Bug 13109 - rsync hangs during transfer of many small files
Summary: rsync hangs during transfer of many small files
Status: RESOLVED FIXED
Alias: None
Product: rsync
Classification: Unclassified
Component: core (show other bugs)
Version: 3.1.2
Hardware: x86 Linux
: P5 normal (vote)
Target Milestone: ---
Assignee: Wayne Davison
QA Contact: Rsync QA Contact
URL:
Keywords:
Depends on:
Blocks:
 
Reported: 2017-10-29 15:21 UTC by Hansjoerg Lipp
Modified: 2020-06-04 22:05 UTC (History)
2 users (show)

See Also:


Attachments
zip archive of the test case (182.54 KB, application/zip)
2017-11-05 14:21 UTC, Hansjoerg Lipp
no flags Details
Simplified test case (727 bytes, application/x-shellscript)
2017-11-06 21:06 UTC, Hansjoerg Lipp
no flags Details

Note You need to log in before you can comment on or make changes to this bug.
Description Hansjoerg Lipp 2017-10-29 15:21:40 UTC
Overview
========

rsync hangs during the transfer of directories containing many small files. The blocked process must be interrupted or killed and the transfer restarted, sometimes many times in a row.

As opposed to my previous bug report _this_ time, there are no hard links required to make rsync hang, only regular files are involved.

How to reproduce
================

[ Using Linux on e.g. ext4, about 3 GiB disk space required ]
############################
mkdir rstest
cd rstest

wget 'http://www.hlipp.de/rs/mktest'
chmod u+x mktest

mkdir files
cd files
wget 'http://www.hlipp.de/rs/1518_0219.jpg_original'
wget 'http://www.hlipp.de/rs/1518_0219.jpg'

cd ..
./mktest 5000
############################

Background: This is based on a larger backup script (which explains the somewhat odd directory names etc.) that often hangs. The error often occurs when a user has many image files in a directory which are geotagged (eventually using exiftool) causing the original files to be renamed to *.jpg_original and a new file with updated EXIF information to be created. As I don't know if it is important that only a part of the file changes, I actually include an example image file into the test case.

The script creates a directory "dst" containing 5000 image files (which represents an old backup before geotagging) and a directory "src" containing the same files renamed to *.jpg_original and additionally 5000 image file with altered EXIF information. Finally,
 rsync -avvHAXSkK --backup --backup-dir="$PWD/X/bak" "$PWD/X/src/." "$PWD/X/dst/."
is executed.


Actual Results
==============

The transfer starts normally (files are backed up and transferred to the destination directory, the log looks as expected) but unexpectedly stops without any message or other hints what is going on. The actual number of files that are transferred vary from system to system. Recent tests stopped after 1193, 1105, 972, and 1266 files.


Expected Results
================

rsync should not block but complete the transfer.


Further information
===================

This problem exists at least for rsync versions 3.1.0 and 3.1.2 for different Linux varieties (at least some OpenSUSE versions and Debian jessie) on x86_64 using various file systems (at least ext4 and xfs).
Comment 1 Hansjoerg Lipp 2017-11-05 14:21:55 UTC
Created attachment 13756 [details]
zip archive of the test case

Attached a zip archive of the test case to make reproducing the problem easier:

unzip rstest.zip  
cd rstest 
./mktest 5000
Comment 2 Hansjoerg Lipp 2017-11-06 21:06:46 UTC
Created attachment 13760 [details]
Simplified test case

I could simplify the test case even further, the attached test script does not even need any example files any more. Simply execute
  ./mktest 5000
on a Linux system. This creates files consisting of few 0-bytes in the manner described above and executes rsync as described.

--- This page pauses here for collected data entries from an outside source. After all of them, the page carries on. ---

Lemma psd_sesq_eq0 {k} {A : 'M[C]_k} {u} : psd A -> sesq A u u = 0 -> A *m u = 0.
Proof.
move=> /psd_spectral [w [v [w_ge0 ->]]]; rewrite sesq_sum_rank1 => /eqP.
rewrite psumr_eq0 => [/allP wv0|j _]; last by rewrite mulr_ge0 // mulrC mul_conjC_ge0.
rewrite mulmx_suml; apply: big1 => j _; rewrite -scalemxAl -mulmxA.
have := wv0 j (mem_index_enum j); rewrite implyTb mulf_eq0 mulrC mul_conjC_eq0.
case/orP => /eqP vu0; first by rewrite vu0 scale0r.
by rewrite [adj _ *m _]mx11_scalar vu0 mul_mx_scalar scale0r scaler0.
Qed.

Lemma mxtrace_rank1 k (u : 'cV[C]_k) (A : 'M[C]_k) : \tr (u *m adj u *m A) = sesq A u u.
Proof. by rewrite -mulmxA mxtrace_mulC /mxtrace big_ord1. Qed.

Lemma mxtrace_sum_rank1 k (I : finType) (w : I -> C) (v : I -> 'cV[C]_k) (A : 'M[C]_k) :
  \tr ((\sum_j w j *: (v j *m adj (v j))) *m A) = \sum_j w j * sesq A (v j) (v j).
Proof.
rewrite mulmx_suml raddf_sum /=; apply: eq_bigr => j _.
by rewrite -scalemxAl mxtraceZ mxtrace_rank1.
Qed.

Lemma psd_mxtrace_le k (rho A B : 'M[C]_k) : psd rho ->
  (forall u, sesq A u u <= sesq B u u) -> \tr (rho *m A) <= \tr (rho *m B).
Proof.
move=> /psd_spectral [w [v [w_ge0 ->]]] AB; rewrite !mxtrace_sum_rank1.
by apply: ler_sum => j _; apply: ler_wpM2l.
Qed.

Lemma psd_mxtrace_ge0 k (rho A : 'M[C]_k) : psd rho -> psd A -> 0 <= \tr (rho *m A).
Proof.
move=> rho_psd A_psd; rewrite -(mxtrace0 _ k) -(mulmx0 _ rho).
by apply: psd_mxtrace_le => // u; rewrite /sesq mulmx0 mul0mx mxE; exact: A_psd.
Qed.

End PositiveOperators.

Section OrthogonalProjectors.
Context {R : realType}.
Local Notation C := R[i].

Definition orthocompl {k} (K : set 'cV[C]_k) : set 'cV[C]_k :=
  [set v | forall w, K w -> (adj w *m v) 0 0 = 0].

Lemma orth_proj_adjvv {k K P} (v : 'cV[C]_k) : orth_proj P K ->
  adj (P *m v) *m (P *m v) = adj v *m (P *m v).
Proof. by case=> PP P_adj _; rewrite adjM P_adj -mulmxA [P *m (P *m v)]mulmxA PP. Qed.

Lemma orth_proj_psd {k K} {P : 'M[C]_k} : orth_proj P K -> psd P.
Proof. by move=> P_proj v; rewrite -mulmxA -(orth_proj_adjvv v P_proj) adjvv_ge0. Qed.

Lemma orth_proj_range {k K P} (v : 'cV[C]_k) : orth_proj P K -> K (P *m v).
Proof. by case=> PP _ PK; apply/PK; rewrite mulmxA PP. Qed.

Lemma orth_proj_compl_ker {k K Q} (s : 'cV[C]_k) :
  orth_proj Q (orthocompl K) -> K s -> Q *m s = 0.
Proof.
move=> Q_proj Ks; apply/eqP; rewrite -adjvv_eq0 (orth_proj_adjvv s Q_proj).
exact/eqP/(orth_proj_range s Q_proj).
Qed.

Lemma orth_proj_compl {k K} {P : 'M[C]_k} :
  orth_proj P K -> orth_proj (1%:M - P) (orthocompl K).
Proof.
move=> P_proj; have [PP P_adj PK] := P_proj.
split.
- by rewrite mulmxBl !mulmxBr !mul1mx mulmx1 PP subrr subr0.
- by rewrite adjB adj1 P_adj.
- move=> v; rewrite mulmxBl mul1mx; split=> [v_perp | Pv0 w /PK Pw].
    suff -> : P *m v = 0 by rewrite subr0.
    apply/eqP; rewrite -adjvv_eq0 (orth_proj_adjvv v P_proj) adjvC.
    by rewrite (v_perp _ (orth_proj_range v P_proj)) conjC0.
  have {}Pv0 : P *m v = 0 by apply: oppr_inj; apply: (addrI v); rewrite Pv0 oppr0 addr0.
  by rewrite -Pw adjM P_adj -mulmxA Pv0 mulmx0 mxE.
Qed.

Lemma orth_proj_add_compl {k K} {P Q : 'M[C]_k} :
  orth_proj P K -> orth_proj Q (orthocompl K) -> P + Q = 1%:M.
Proof.
move=> P_proj Q_proj; apply: mulmxv_inj => v; rewrite mulmxDl mul1mx.
have [_ _ QK] := Q_proj.
have Q_compl : Q *m ((1%:M - P) *m v) = (1%:M - P) *m v.
  by apply/QK/orth_proj_range/orth_proj_compl.
have Q_P : Q *m (P *m v) = 0 := orth_proj_compl_ker _ Q_proj (orth_proj_range v P_proj).
have v_split : v = (1%:M - P) *m v + P *m v by rewrite mulmxBl mul1mx subrK.
by rewrite {2}v_split mulmxDr Q_compl Q_P addr0 addrC -v_split.
Qed.

Lemma sesq_le_orth_proj_compl {k K} {A P Q : 'M[C]_k} {u : 'cV[C]_k} :
  psd A -> psd (1%:M - A) -> (forall s, K s -> A *m s = 0) ->
  orth_proj P K -> orth_proj Q (orthocompl K) -> sesq A u u <= sesq Q u u.
Proof.
move=> A_psd A_le1 A_K P_proj Q_proj; set w := Q *m u.
have Au : A *m u = A *m w.
  rewrite -{1}[u]mul1mx -(orth_proj_add_compl P_proj Q_proj) mulmxDl mulmxDr.
  by rewrite A_K ?add0r //; exact: orth_proj_range.
have uA : adj u *m A = adj w *m A by rewrite -(psd_adj A_psd) -!adjM Au.
rewrite /sesq uA -!mulmxA Au -(orth_proj_adjvv u Q_proj) -/w.
have := A_le1 w; rewrite mulmxBr mulmx1 mulmxBl [X in 0 <= X]mxE [X in 0 <= _ + X]mxE.
by rewrite subr_ge0 mulmxA.
Qed.

End OrthogonalProjectors.

Section Symmetrizer.
Context {R : realType}.
Local Notation C := R[i].
Variables m n : nat.
Local Notation N := (tdim m n).

Definition tidx_perm (s : 'S_n) (a : 'I_N) : 'I_N :=
  enum_rank [ffun k => (enum_val a : tidx m n) (s k)].

Lemma tidx_permM s t a : tidx_perm s (tidx_perm t a) = tidx_perm (s * t)%g a.
Proof.
rewrite /tidx_perm enum_rankK; congr enum_rank; apply/ffunP => k.
by rewrite !ffunE permM.
Qed.

Lemma tidx_perm1 a : tidx_perm 1%g a = a.
Proof.
rewrite /tidx_perm -[RHS]enum_valK; congr enum_rank; apply/ffunP => k.
by rewrite ffunE perm1.
Qed.

Lemma tidx_permV s a b : (tidx_perm s b == a) = (tidx_perm s^-1 a == b).
Proof.
by apply/eqP/eqP => <-; rewrite tidx_permM ?mulVg ?mulgV tidx_perm1.
Qed.

Definition perm_tmx (s : 'S_n) : 'M[C]_N := \matrix_(a, b) (tidx_perm s a == b)%:R.

Lemma permvE s (v : 'cV[C]_N) : permv s v = perm_tmx s *m v.
Proof.
apply/matrixP => a j; rewrite (ord1 j) !mxE (bigD1 (tidx_perm s a)) //= !mxE eqxx mul1r.
by rewrite big1 ?addr0 // => b /negbTE bs; rewrite !mxE eq_sym bs mul0r.
Qed.

Lemma adj_perm_tmx s : adj (perm_tmx s) = perm_tmx s^-1.
Proof. by apply/matrixP => a b; rewrite !mxE -tidx_permV rmorph_nat. Qed.

Lemma permvM s t (v : 'cV[C]_N) : permv t (permv s v) = permv (s * t)%g v.
Proof. by apply/matrixP => a j; rewrite !mxE; congr (v _ _); exact: tidx_permM. Qed.

Definition symmetrizer : 'M[C]_N := (n`!%:R)^-1 *: \sum_(s : 'S_n) perm_tmx s.

Lemma symmetrizer_mulv (v : 'cV[C]_N) :
  symmetrizer *m v = (n`!%:R)^-1 *: \sum_(s : 'S_n) permv s v.
Proof.
rewrite -scalemxAl mulmx_suml; congr (_ *: _); apply: eq_bigr => s _.
by rewrite permvE.
Qed.

Lemma sym_symmetrizer (v : 'cV[C]_N) : sym_space m n (symmetrizer *m v).
Proof.
move=> t; rewrite symmetrizer_mulv permvE -scalemxAr mulmx_sumr; congr (_ *: _).
under eq_bigr do rewrite -permvE permvM.
by rewrite [RHS](reindex_inj (mulIg t)).
Qed.

Lemma symmetrizer_id (v : 'cV[C]_N) : sym_space m n v -> symmetrizer *m v = v.
Proof.
move=> v_sym; rewrite symmetrizer_mulv.
under eq_bigr do rewrite v_sym.
by rewrite sumr_const card_Sn -scalerMnr scalerMnl -mulr_natr mulVf ?scale1r.
Qed.

Lemma orth_proj_symmetrizer : orth_proj symmetrizer (sym_space m n).
Proof.
split.
- by apply: mulmxv_inj => v; rewrite -mulmxA symmetrizer_id //; exact: sym_symmetrizer.
- rewrite /symmetrizer adjZ adj_sum geC0_conj ?invr_ge0 ?ler0n //.
  congr (_ *: _); rewrite [RHS](reindex_inj invg_inj) /=.
  by apply: eq_bigr => s _; rewrite adj_perm_tmx.
- by move=> v; split=> [/symmetrizer_id // | <-]; exact: sym_symmetrizer.
Qed.

Lemma tpowv_sym (psi : 'cV[C]_m) : sym_space m n (tpowv n psi).
Proof.
move=> s; apply/matrixP => a j; rewrite !mxE enum_rankK.
rewrite [RHS](reindex_inj (@perm_inj _ s)) /=.
by apply: eq_bigr => k _; rewrite ffunE.
Qed.

End Symmetrizer.

Section TensorPowers.
Context {R : realType}.
Local Notation C := R[i].

Definition tprodv {m} n {I : finType} (v : I -> 'cV[C]_m) (f : {ffun 'I_n -> I}) :
  'cV[C]_(tdim m n) :=
  \col_a \prod_(k < n) v (f k) ((enum_val a : tidx m n) k) 0.

Lemma tpow_sum_rank1 {m} n (I : finType) (w : I -> C) (v : I -> 'cV[C]_m) :
  tpow n (\sum_j w j *: (v j *m adj (v j))) =
  \sum_(f : {ffun 'I_n -> I})
     (\prod_k w (f k)) *: (tprodv n v f *m adj (tprodv n v f)).
Proof.
apply/matrixP => a b; rewrite mxE summxE.
under eq_bigr do rewrite summxE.
rewrite bigA_distr_bigA; apply: eq_bigr => f _.
rewrite !mxE big_ord1 !mxE rmorph_prod -!big_split; apply: eq_bigr => k _.
by rewrite /= [LHS]mxE [X in _ * X]mxE big_ord1 adjE.
Qed.

Lemma tpow_rank1 {m} n (psi : 'cV[C]_m) :
  tpow n (psi *m adj psi) = tpowv n psi *m adj (tpowv n psi).
Proof.
apply/matrixP => a b; rewrite !mxE big_ord1 !mxE rmorph_prod -big_split.
by apply: eq_bigr => k _; rewrite !mxE big_ord1 !mxE.
Qed.

Lemma psd_tpow {m} n (rho : 'M[C]_m) : psd rho -> psd (tpow n rho).
Proof.
move=> /psd_spectral [w [v [w_ge0 ->]]]; rewrite tpow_sum_rank1.
by apply: psd_sum_rank1 => f; apply: prodr_ge0.
Qed.

Lemma tpowvZ {m} n c (psi : 'cV[C]_m) : tpowv n (c *: psi) = c ^+ n *: tpowv n psi.
Proof.
apply/matrixP => a j; rewrite !mxE.
under eq_bigr do rewrite mxE.
by rewrite big_split /= prodr_const card_ord.
Qed.

End TensorPowers.

Section MultisetCode.
Local Open Scope nat_scope.

Lemma digits_inj {B M : nat} {c d : nat -> nat} : 0 < B ->
  (forall j, c j < B) -> (forall j, d j < B) ->
  \sum_(j < M) c j * B ^ j = \sum_(j < M) d j * B ^ j ->
  forall j, j < M -> c j = d j.
Proof.
move=> B_gt0; elim: M c d => [|M IH] c d cB dB //.
rewrite !big_ord_recl /= !expn0 !muln1.
have shift (f : nat -> nat) : \sum_(i < M) f (lift ord0 i) * B ^ lift ord0 i =
    (\sum_(i < M) f i.+1 * B ^ i) * B.
  by rewrite big_distrl /=; apply: eq_bigr => i _; rewrite expnS mulnCA mulnC.
rewrite !shift ![c 0 + _]addnC ![d 0 + _]addnC => E.
have c0d0 : c 0 = d 0.
  by have := congr1 (modn^~ B) E; rewrite !modnMDl !modn_small.
have {}E : \sum_(i < M) c i.+1 * B ^ i = \sum_(i < M) d i.+1 * B ^ i.
  by have := congr1 (divn^~ B) E; rewrite !divnMDl // !divn_small // !addn0.
by case=> [|j] //= jM; apply: (IH (fun i => c i.+1) (fun i => d i.+1)).
Qed.

Lemma sum_expn_count (B m : nat) (s : seq 'I_m) :
  \sum_(x <- s) B ^ x = \sum_(j < m) count_mem j s * B ^ j.
Proof.
elim: s => [|x s IH]; first by rewrite big_nil big1.
rewrite big_cons IH /=.
transitivity (\sum_(j < m) ((x == j) * B ^ j + count_mem j s * B ^ j)).
  rewrite big_split /=; congr (_ + _).
  by rewrite (bigD1 x) //= eqxx mul1n big1 ?addn0 // => j /negbTE jx; rewrite eq_sym jx.
by apply: eq_bigr => j _; rewrite mulnDl.
Qed.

I can't really help debugging this as I'm not familiar with the code, the communication of the processes appears quite complex. I only got this far (current git):

Commenting out the line
  send_msg((enum msgcode)code, buf, len, 0)
in rwrite() in log.c makes the error go away.

When printing the values iobuf.msg.len, iobuf.msg.len + needed, and iobuf.msg.size in send_msg() in io.c, it can be seen that the hang occurs as soon as (iobuf.msg.len + needed) exceeds iobuf.msg.size (32768), i.e. when perform_io(needed, PIO_NEED_MSGROOM) has to be called.
Comment 4 Wayne Davison 2020-06-04 22:05:58 UTC
This is fixed in the latest git version.